Keep in mind, there is a reason that pitchers report to spring training early and get rest in between starts; it is a tough job.  Stay focused on your mechanics and you will do just fine.  Good luck.

There Are No Dumb Questions

Harry Dunne: Just when I thought you couldn’t possibly be any dumber, you go and do something like this… and totally redeem yourself!  –  From the movie Dumb & DumberDumb-Dumber-s-Harry-Lloyd-Laughing-At-A-Burger-Joint

I think of this scene when I am in a meeting and a client or prospect raises a question and prefaces it by saying  “this might seem like a dumb question, but . . .”  So, let me be clear; as an owner  you have the right – I might even say the obligation – to ask whatever questions are on your mind about any issue being discussed.  This is particularly true when you are dealing  with any of your professional advisors.  You should feel very comfortable being open and honest about any doubts you have and if you are not, find a new advisor.  The response to that simple question may prove to be the most important point of the discussion.  Let me give you a few examples to get you more comfortable with the idea.
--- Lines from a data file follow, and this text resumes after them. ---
(* [W] stands for the second component of F_weak, whose elements are the
   pairs [(P_*(x, x), {{P_*(x, y)}}_y)]. *)
Definition coord_sum (R : realType) (W : multiset (seq R * multiset (seq R))%type) j : R :=
  \sum_(t <- (W : seq _)) \sum_(v <- enum_mset t.2) nth 0 v j.

Lemma coord_sum_Fweak (R : realType) n (A : 'M[R]_n) j :
  (j < size (eigs A))%N ->
  coord_sum (Fweak_mx A).2 j = entry_sum (eigproj A (nth 0 (eigs A) j)).
Proof.
move=> j_lt; rewrite /coord_sum (perm_big _ (perm_eq_seq_mset _)) big_map big_enum.
apply: eq_bigr => x _; rewrite (perm_big _ (perm_eq_seq_mset _)) big_map big_enum.
by apply: eq_bigr => y _; rewrite (nth_map 0).
Qed.

Theorem theorem5p4 (R : realType) (G H : graph) :
  Fweak R G = Fweak R H ->
  Spec R G = Spec R H /\ Spec R (compl G) = Spec R (compl H).
Proof.
rewrite /Fweak /Spec !adjmx_compl.
set AG := adjmx R G; set AH := adjmx R H => Fweak_eq.
have spec_eq : spec_mx AG = spec_mx AH := congr1 fst Fweak_eq.
have [symG symH] : AG^T = AG /\ AH^T = AH by split; apply: adjmx_sym.
have char_eq : char_poly AG = char_poly AH.
  by rewrite (char_poly_spec symG) (char_poly_spec symH) spec_eq.
have eigs_eq : eigs AG = eigs AH by rewrite /eigs char_eq.
have entry_sum_eq mu : mu \in eigs AG ->
    entry_sum (eigproj AG mu) = entry_sum (eigproj AH mu).
  move=> mu_in; have j_lt : (index mu (eigs AG) < size (eigs AG))%N by rewrite index_mem.
  rewrite -(nth_index 0 mu_in) -coord_sum_Fweak // (congr1 snd Fweak_eq).
  by rewrite coord_sum_Fweak eigs_eq // -eigs_eq.
split=> //; apply: eq_spec_mx; rewrite !char_poly_compl // char_eq -eigs_eq.
by congr (_ - _); apply: eq_big_seq => mu /entry_sum_eq ->.
Qed.
Lemma qroot_pow r p : 0 < r -> (1 <= p)%nat -> qroot r p ^ p = r.
Proof.
  intros Hr Hp. unfold qroot. rewrite <- Rpower_pow by apply exp_pos.
  rewrite Rpower_mult, Rinv_l by (apply not_0_INR; lia). apply Rpower_1; auto.
Qed.

Lemma one_sub_qroot_le r p : 0 < r -> (1 <= p)%nat -> 1 - qroot r p <= - ln r / INR p.
Proof.
  intros Hr Hp. unfold qroot, Rpower. pose proof (exp_ineq1_le (/ INR p * ln r)).
  unfold Rdiv. lra.
Qed.

Lemma qroot_pow_near r p n (L : nat) : 0 < r < 1 -> (1 <= p)%nat ->
  (p <= n + L)%nat -> (n <= p + L)%nat ->
  Rabs (qroot r p ^ n - r) <= INR L * (1 - qroot r p).
Proof.
  intros Hr Hp Hn1 Hn2.
  pose proof (qroot_pos r p). pose proof (qroot_le_1 r p Hr Hp).
  pose proof (qroot_pow r p ltac:(lra) Hp) as Hqp. set (q := qroot r p) in *.
  rewrite <- Hqp.
  assert (Hq : 0 <= q <= 1) by lra.
  destruct (le_lt_dec p n) as [Hle|Hlt].
  - replace n with (p + (n - p))%nat by lia. rewrite pow_add.
    pose proof (one_sub_pow_le q (n - p) Hq). pose proof (pow_unit_interval q p Hq).
    pose proof (pow_unit_interval q (n - p) Hq).
    assert (INR (n - p) <= INR L) by (apply le_INR; lia).
    rewrite Rabs_left1 by nra. nra.
  - replace p with (n + (p - n))%nat by lia. rewrite pow_add.
    pose proof (one_sub_pow_le q (p - n) Hq). pose proof (pow_unit_interval q n Hq).
    pose proof (pow_unit_interval q (p - n) Hq).
    assert (INR (p - n) <= INR L) by (apply le_INR; lia).
    rewrite Rabs_right by nra. nra.
Qed.

Lemma qroot_near_1 r : 0 < r < 1 -> forall eps, 0 < eps ->
  exists P, forall p, (P <= p)%nat -> (1 <= p)%nat /\ 1 - qroot r p <= eps.
Proof.
  intros Hr eps Heps. pose proof (ln_neg r Hr).
  destruct (archimed_cor1 (eps / - ln r)) as (N & HN & HN0); [apply Rdiv_lt_0_compat; lra|].
  exists N. intros p Hp. split; [lia|].
  eapply Rle_trans; [apply one_sub_qroot_le; lra || lia|].
  assert (HpN : / INR p <= / INR N)
    by (apply Rinv_le_contravar; [apply lt_0_INR| apply le_INR]; lia).
  apply Rmult_lt_compat_r with (r := - ln r) in HN; [|lra].
  replace (eps / - ln r * - ln r) with eps in HN by (field; lra).
  unfold Rdiv. rewrite Rmult_comm. nra.
Qed.

Lemma qroot_pow_window r : 0 < r < 1 -> forall eps, 0 < eps ->
  eventually_on_windows (fun p n => Rabs (qroot r p ^ n - r) < eps).
Proof.
  intros Hr eps Heps L. pose proof (pos_INR L).
  destruct (qroot_near_1 r Hr (eps / (INR L + 1))) as [P HP]; [apply Rdiv_lt_0_compat; lra|].
  exists P. intros p n Hp Hn1 Hn2. destruct (HP p Hp) as [Hp1 Hq].
  eapply Rle_lt_trans; [apply qroot_pow_near; eauto|].
  apply Rle_lt_trans with (INR L * (eps / (INR L + 1))); [apply Rmult_le_compat_l; lra|].
  apply Rmult_lt_reg_r with (INR L + 1); [lra|].
  replace (INR L * (eps / (INR L + 1)) * (INR L + 1)) with (INR L * eps) by (field; lra). nra.
Qed.

Lemma Phat_a_dist c d q r x n :
  Cmod (Phat_a c d q x n - Cminus x (RtoC (r * (c - d)))) = Rabs (q ^ n - r) * Rabs (c - d).
Proof.
  unfold Phat_a. rewrite Rabs_minus_sym, <- Rabs_mult, <- Cmod_R. f_equal.
  apply injective_projections; simpl; ring.
Qed.
(* A tour is represented by a cyclic ordering t = [t_0; ...; t_{n-1}] of the
   points; its edges are {t_i, t_{(i+1) mod n}} for i < n. *)
Definition tour_edge (t : list point) (i : nat) : point * point :=
  (nth i t (0, 0), nth ((i + 1) mod length t) t (0, 0)).

Definition is_tour (S t : list point) : Prop :=
  NoDup t /\ Permutation t S /\ (3 <= length t)%nat.

Definition tour_length (t : list point) : R :=
  fold_right Rplus 0
    (map (fun i => dist (fst (tour_edge t i)) (snd (tour_edge t i)))
         (seq 0 (length t))).

Definition noncrossing (t : list point) : Prop :=
  forall i j : nat, (i < length t)%nat -> (j < length t)%nat -> i <> j ->
    forall p : point,
      on_segment (fst (tour_edge t i)) (snd (tour_edge t i)) p ->
      on_segment (fst (tour_edge t j)) (snd (tour_edge t j)) p ->
      (p = fst (tour_edge t i) \/ p = snd (tour_edge t i)) /\
      (p = fst (tour_edge t j) \/ p = snd (tour_edge t j)).

(* Nine lattice points suffice. Rotating a tour changes neither its edges nor its length,
   so a tour of all nine points may be assumed to start at [extra_point], which
   leaves the 8! orderings of [base_points] to inspect. Exact integer arithmetic
   settles each of them: either two of its edges cross properly (each edge has
   the endpoints of the other strictly on opposite sides of its line, a sign
   condition on integer orientation determinants), or the sum of floor(|e|) + 1
   over its edges e is already below the sum of floor(|e|) over the edges of
   [base_tour]. *)

From Pilot Require Import Defs.
From Stdlib Require Import Reals Lra Lia List Permutation ZArith Psatz.
Import ListNotations.
Open Scope R_scope.
Open Scope bool_scope.

Definition orient (a b c : point) : R :=
  (fst b - fst a) * (snd c - snd a) - (snd b - snd a) * (fst c - fst a).

Definition lerp (a b : point) (s : R) : point :=
  ((1 - s) * fst a + s * fst b, (1 - s) * snd a + s * snd b).

Lemma orient_lerp a b c d s :
  orient c d (lerp a b s) = (1 - s) * orient c d a + s * orient c d b.
Proof. unfold orient, lerp; simpl; ring. Qed.

Lemma orient_swap a b c : orient b a c = - orient a b c.
Proof. unfold orient; ring. Qed.

Lemma orient_on_segment a b p : on_segment a b p -> orient a b p = 0.
Proof.
  intros [s [_ ->]]. change (orient a b (lerp a b s) = 0).
  rewrite orient_lerp. unfold orient; ring.
Qed.

Lemma on_segment_sym a b p : on_segment a b p -> on_segment b a p.
Proof.
  intros [s [Hs ->]]. exists (1 - s). split; [lra|]. f_equal; ring.
Qed.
We work with many of the companies at ERA in New York and TechLaunch in New Jersey.  They feel free to ask us all types of questions.  They have ranged from, “Is the investment ERA or TechLaunch makes in us taxable income?” to “Is my product taxable?”  Some are pure business basics (should my people be employees or independent contractors) and some are just nagging concerns (I promised my people some ownership, but, I am not sure how or when to give it.)  Trust me, there is no professional worth their salt that does not live to answer questions their clients may have… so, please take advantage of this relationship.

I can think of loads of situations over the years where audit staff thought something did not make sense and they asked a question that they thought reflected poorly on them since they thought it indicated a lack of knowledge, only to find their observation uncovered a significant problem.  I was consulting on an IPO and the CEO, who had his doctorate in engineering plotted certain items on the P & L only to find the graph of one of the amounts did not make sense.  The result was “counter intuitive” in his words.  Well, guess what – in the last draft, someone had dropped the brackets around a rather large expense and proofreaders had failed to pick up the error.

But, what prompts raising this subject now?  Well, I recently had a meeting with a new client who had a term sheet they were considering signing.  I asked a few basic questions and then the obvious one – did they know the terms of the deal?  The two owners looked at me in a sheepish way and admitted they relied heavily on their attorney.  The deal had a participating preferred and also indicated it would contain “standard” antidilution provisions.  While not always bad, these are red flags to professional advisors.  We decided to call the attorney for clarification and while one provision was fine, the other was definitely not what they thought.  We managed to get it changed and the deal went on.  The entrepreneurs conceded they had talked to some fellow owners who admitted they, too, had relied on legal advice for deal terms.  I had heard of this before, but this was my first live encounter.

So, please keep in mind that if something does not seem right, ask to get clarification.  I cringe when I think of the trouble entrepreneurs have gotten into by abandoning this basic instinct.  A clarification trumps a giant “oops” every time.  Good luck.